В мире осталось слишком мало людей, способных понять мысль о торжестве смерти. Все охвачены таким яростным страхом конца, что теряют даже жизнелюбие и верят только в медицину и геронтологов. Они "подготовляют себя лечением к переходу в потусторонний мир", в который давно уже утратили веру. Я предпочитаю, чтобы берегли стариков, как повелось с недавних пор после длительного периода вымаривания бесполезных членов общества, но сама не стремлюсь ни к заботе, ни к уничтожению. Хочу только остаться человеком и в минуту последнего страдания.
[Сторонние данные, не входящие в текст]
Lemma tmul0l g : tmul q 0 g = 0.
Proof.
apply/polyP => k; rewrite coef_poly coef0; case: ifP => // _.
by apply: big1 => i _; rewrite coef0 mul0r.
Qed.

Lemma exists_power_combination_neq0 n s (c : 'I_n -> L) e (g : nat -> {poly L}) :
  injective c -> (s <= n)%N -> \sum_(k < s) tmul q (g k) (tpow q e k) != 0 ->
  exists i, \sum_(k < s) c i ^+ k *: g k != 0.
Proof.
move=> c_inj le_sn sum_neq0; apply/existsP; apply: contraR sum_neq0 => /existsPn G0.
apply/eqP/big1 => k _; rewrite (vandermonde_poly_eq0 c_inj le_sn) ?tmul0l // => i.
by apply/eqP; rewrite -[_ == 0]negbK G0.
Qed.

Lemma teval_tmul f g x : teval q (tmul q f g) x = teval q f (teval q g x).
Proof.
set N := (size f + size g)%N.
pose G i j := f`_i * (g`_j) ^+ (q ^ i) * x ^+ (q ^ (i + j)).
have vanish_f i j : (size f <= i)%N -> G i j = 0 by move=> ?; rewrite /G nth_default ?mul0r.
have -> : teval q (tmul q f g) x = \sum_(k < N) \sum_(i < k.+1) G i (k - i)%N.
  rewrite (@teval_widen _ _ N); last exact: leq_trans (size_poly _ _) (leq_pred _).
  apply: eq_bigr => k _; rewrite coef_tmul mulr_suml; apply: eq_bigr => i _.
  by rewrite /G subnKC // -ltnS.
rewrite sum_triangle /teval.
rewrite -(@sum_ord_widen _ (fun i => \sum_(j < N - i) G i j) (size f)) ?leq_addr //;
  last by move=> i le_fi; rewrite big1 // => j _; rewrite vanish_f.
apply: eq_bigr => i _; rewrite exprq_sum mulr_sumr /=.
rewrite -(@sum_ord_widen _ (G i) (size g)); first last.
- by move=> j le_gj; rewrite /G (nth_default _ le_gj) expr0q mulr0 mul0r.
- have le_if := ltnW (ltn_ord i).
  by rewrite leq_subRL ?leq_add2r // (leq_trans le_if) ?leq_addr.
by apply: eq_bigr => j _; rewrite /G exprMn -exprM -expnD addnC mulrA.
Qed.

Lemma teval_tpow f n x : teval q (tpow q f n) x = iter n (teval q f) x.
Proof. by elim: n => [|n IH]; rewrite ?teval1 // /tpow iterS teval_tmul -/(tpow q f n) IH. Qed.

Lemma teval_tpow_eigen e c z n : c ^+ q = c -> teval q e z = c * z ->
  teval q (tpow q e n) z = c ^+ n * z.
Proof.
move=> cq ez; rewrite teval_tpow; elim: n => [|n IH]; first by rewrite mul1r.
rewrite iterS IH teval_xM; last by rewrite exprAC cq.
by rewrite ez mulrA -exprSr.
Qed.

Lemma teval_eigen_sum e c z s (g : nat -> {poly L}) : c ^+ q = c ->
  teval q e z = c * z ->
  teval q (\sum_(k < s) tmul q (g k) (tpow q e k)) z
  = teval q (\sum_(k < s) c ^+ k *: g k) z.
Proof.
move=> cq ez; rewrite !teval_sum; apply: eq_bigr => k _.
by rewrite teval_tmul (teval_tpow_eigen _ cq ez) teval_xM ?tevalZ // exprAC cq.
Qed.

Definition linearized f : {poly L} := \sum_(i < size f) f`_i *: 'X^(q ^ i).

Lemma horner_linearized f x : (linearized f).[x] = teval q f x.
Proof.
by rewrite horner_sum; apply: eq_bigr => i _; rewrite hornerZ hornerXn.
Qed.

Lemma coef_linearized f i : (i < size f)%N -> (linearized f)`_(q ^ i) = f`_i.
Proof.
move=> lt_if; rewrite coef_sum (bigD1 (Ordinal lt_if)) //= coefZ coefXn eqxx mulr1.
rewrite big1 ?addr0 // => j ne_ji; rewrite coefZ coefXn eqn_exp2l //.
by move: ne_ji; rewrite -val_eqE eq_sym => /negbTE ->; rewrite mulr0.
Qed.

Lemma size_linearized f : f != 0 -> size (linearized f) = (q ^ (size f).-1).+1.
Proof.
move=> f_neq0; have lt_top : ((size f).-1 < size f)%N by rewrite ltn_predL size_poly_gt0.
apply/anti_leq/andP; split.
  apply/leq_sizeP => k lt_k; rewrite coef_sum big1 // => i _.
  rewrite coefZ coefXn; case: eqP => [k_eq|]; last by rewrite mulr0.
  by move: lt_k; rewrite k_eq ltn_exp2l // ltnNge -ltnS (ltn_predK lt_top) ltn_ord.
apply: coef_neq0_lt_size.
by rewrite coef_linearized // -lead_coefE lead_coef_eq0.
Qed.

Lemma deriv_linearized f : (linearized f)^`() = (f`_0)%:P.
Proof.
rewrite /linearized raddf_sum /=.
case sz_f: (size f) => [|n]; first by rewrite big_ord0 nth_default ?sz_f.
rewrite big_ord_recl big1 ?addr0 => [|i _].
  by rewrite derivZ expn0 derivX alg_polyC.
by rewrite derivZ derivXn -mulr_natr -polyC_natr natrX natr_q expr0n /= ?polyC0 mulr0 scaler0.
Qed.

Lemma separable_linearized f : f`_0 != 0 -> separable_poly (linearized f).
Proof.
by move=> f0; rewrite unlock deriv_linearized -alg_polyC coprimepZr ?coprimep1.
Qed.

End TwistedPolynomials.

Lemma pchar_nat_card (F : finFieldType) (L : fieldType) (sigma : {rmorphism F -> L}) :
  [pchar L].-nat #|F|.
Proof.
have [p p_pr p_char] := finPcharP F.
by rewrite (card_pprimeChar p_char) pnatX pnatE // (rmorph_pchar sigma p_char).
Qed.

Section DrinfeldModule.
Variables (F : finFieldType) (L : fieldType) (sigma : {rmorphism F -> L}) (alpha : L).
Local Notation q := #|F|.
Local Notation phiT := (alpha%:P + 'X).
Local Notation phi := (drinfeld sigma alpha).
Local Notation Phi := (teval q phiT).
Implicit Types (p b : {poly F}) (f : {poly L}) (x y : L).

Let q_gt1 : (1 < q)%N := finNzRing_gt1 F.
Let q_pchar : [pchar L].-nat q := pchar_nat_card sigma.

Lemma sigma_expq c : sigma c ^+ q = sigma c.
Proof. by rewrite -rmorphXn expf_card. Qed.

Lemma coef_tmul_phiT f k :
  (tmul q phiT f)`_k = alpha * f`_k + (if k is k'.+1 then f`_k' ^+ q else 0).
Proof.
rewrite (coef_tmul q_gt1); case: k => [|k].
  by rewrite big_ord1 coefD coefC coefX subn0 /= expn0 expr1 !addr0.
rewrite 2!big_ord_recl big1 => [|i _]; last by rewrite coefD coefC coefX addr0 mul0r.
by rewrite !coefD !coefC !coefX /= subn0 subSS subn0 expr1 !addr0 add0r mul1r /bump /= expn1.
Qed.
Мне кажется, что только напряженное отношение к смерти заставило Мандельштама придать особое значение несвоевременной и почти случайной смерти Скрябина, а главное - ее вселенскому характеру и отношению к ней народа. Вряд ли в менее приподнятом состоянии он бы поставил в один ряд Пушкина и Скрябина. Смерть Пушкина все же была осознана людьми, а Федра-Россия и не подумала полюбить Скрябина по той простой причине, что ни греховной, ни чистой любовью еще не снизошла ни к одному из своих сыновей. Для этой Федры существуют пока одни только пасынки, которых, как заправская мачеха, она умеет только мордовать. Народ у нас любит начальство, а начальство - только себя.

[116]

Высшая честь, которую могут оказать художнику, - это выкрасть его тело, как поступили с Пушкиным, или бросить его в яму. Народ, рубивший на щепки иконы, чтобы растапливать ими печь, сам подтвердил свою невероятную безлюбость. А ведь свое великое искусство - иконопись - он любил, не переставал любить и любит и сейчас. Многострадальная страна пасынков, добрых и незлобивых, полна ненависти и злобы, а потому никого не любит и просыпается только по призыву мачехи, чтобы растерзать кого-нибудь из избранников. Откуда только берутся эти избранники и почему они продолжают возникать с метками своего времени и неизгладимой святой чистотой и наивностью?.. А я не могу забыть одного: крестьяне, жившие поблизости к лагерям, подрабатывали ловлей беглых, так как за голову полагалась какая-то часть мешка муки. Мука - дело доброе.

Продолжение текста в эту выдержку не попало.